Which lines run from the one containing "Lemma qubitsS n" to the end of the entries below? Retype exactly those, both ends included.

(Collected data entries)
..........

Definition Nterm (n : nat) (g C : 'M[algC]_(2 ^ n)) : 'M[algC]_(2 ^ n) :=
  omega_dag g (kb (Zhat1 n) (Zhat1 n) (omega g C)).

From HB Require Import structures.
From mathcomp Require Import all_boot all_order all_algebra.
From mathcomp Require Import perm algC ring.
Set Implicit Arguments. Unset Strict Implicit. Unset Printing Implicit Defensive.
Import GRing.Theory Num.Theory.
Local Open Scope ring_scope.

(* Both sides of the first identity map C to its diagonal part: for M this is
   immediate, and for the sum over z it is the orthogonality relation
   sum_z (-1)^(z.x) (-1)^(z.y) = 2^n [x = y] of the characters of F_2^n.
   For the second, sort the nonzero z by the qubit i+1 carrying their last 1.
   Conjugating Z_1 successively by U^(1)_{2,1}, ..., U^(i)_{i+1,i}, a SWAP
   moves the Z on qubit j to qubit j+1 while a CNOT copies it there, so
   chain^dagger Z_1 chain = Z_z with z = (U^(1), ..., U^(i), 1, 0, ..., 0)
   (CNOT read as 1); these are exactly the z whose last 1 is on qubit i+1.
   Finally omega(g)^dagger |A)(A| omega(g) = |B)(B| with B = g^dagger A g. *)

Definition qubits (n : nat) : pred nat := [pred q | 0 < q <= n]%N.

Lemma qubitsE n q : (q \in qubits n) = (0 < q <= n)%N.
Proof. by []. Qed.

Lemma qubitsS n q : q \in qubits n -> q \in qubits n.+1.
Proof. by rewrite !qubitsE => /andP[-> /leqW]. Qed.

Lemma odd_div_expS n k q : (q <= n)%N ->
  odd (k %/ 2 ^ (n.+1 - q)) = odd (k./2 %/ 2 ^ (n - q)).
Proof. by move=> hq; rewrite subSn // expnS divnMA divn2. Qed.

Lemma odd_div_exp0 n k : odd (k %/ 2 ^ (n - n)) = odd k.
Proof. by rewrite subnn expn0 divn1. Qed.

Fixpoint nat_of_bits (n : nat) (b : nat -> bool) : nat :=
  if n is n'.+1 then (b n + (nat_of_bits n' b).*2)%N else 0%N.

Lemma nat_of_bits_lt n b : (nat_of_bits n b < 2 ^ n)%N.
Proof.
elim: n => [//|n IH] /=; rewrite expnS mul2n.
by case: (b n.+1); rewrite /= ?add1n ?add0n ?ltn_Sdouble ?ltn_double.
Qed.

Lemma nat_of_bitsK n b :
  {in qubits n, forall q, odd (nat_of_bits n b %/ 2 ^ (n - q)) = b q}.
Proof.
elim: n => [|n IH] q; rewrite qubitsE => /andP[q_gt0]; first by rewrite leqNgt q_gt0.
rewrite leq_eqVlt => /orP[/eqP-> | q_le_n] /=.
  by rewrite odd_div_exp0 oddD odd_double addbF oddb.
by rewrite odd_div_expS // half_bit_double IH // qubitsE q_gt0.
Qed.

..........

PROBLEM SOLUTION:
Lemma qubitsS n q : q \in qubits n -> q \in qubits n.+1.
Proof. by rewrite !qubitsE => /andP[-> /leqW]. Qed.

Lemma odd_div_expS n k q : (q <= n)%N ->
  odd (k %/ 2 ^ (n.+1 - q)) = odd (k./2 %/ 2 ^ (n - q)).
Proof. by move=> hq; rewrite subSn // expnS divnMA divn2. Qed.

Lemma odd_div_exp0 n k : odd (k %/ 2 ^ (n - n)) = odd k.
Proof. by rewrite subnn expn0 divn1. Qed.

Fixpoint nat_of_bits (n : nat) (b : nat -> bool) : nat :=
  if n is n'.+1 then (b n + (nat_of_bits n' b).*2)%N else 0%N.

Lemma nat_of_bits_lt n b : (nat_of_bits n b < 2 ^ n)%N.
Proof.
elim: n => [//|n IH] /=; rewrite expnS mul2n.
by case: (b n.+1); rewrite /= ?add1n ?add0n ?ltn_Sdouble ?ltn_double.
Qed.

Lemma nat_of_bitsK n b :
  {in qubits n, forall q, odd (nat_of_bits n b %/ 2 ^ (n - q)) = b q}.
Proof.
elim: n => [|n IH] q; rewrite qubitsE => /andP[q_gt0]; first by rewrite leqNgt q_gt0.
rewrite leq_eqVlt => /orP[/eqP-> | q_le_n] /=.
  by rewrite odd_div_exp0 oddD odd_double addbF oddb.
by rewrite odd_div_expS // half_bit_double IH // qubitsE q_gt0.
Qed.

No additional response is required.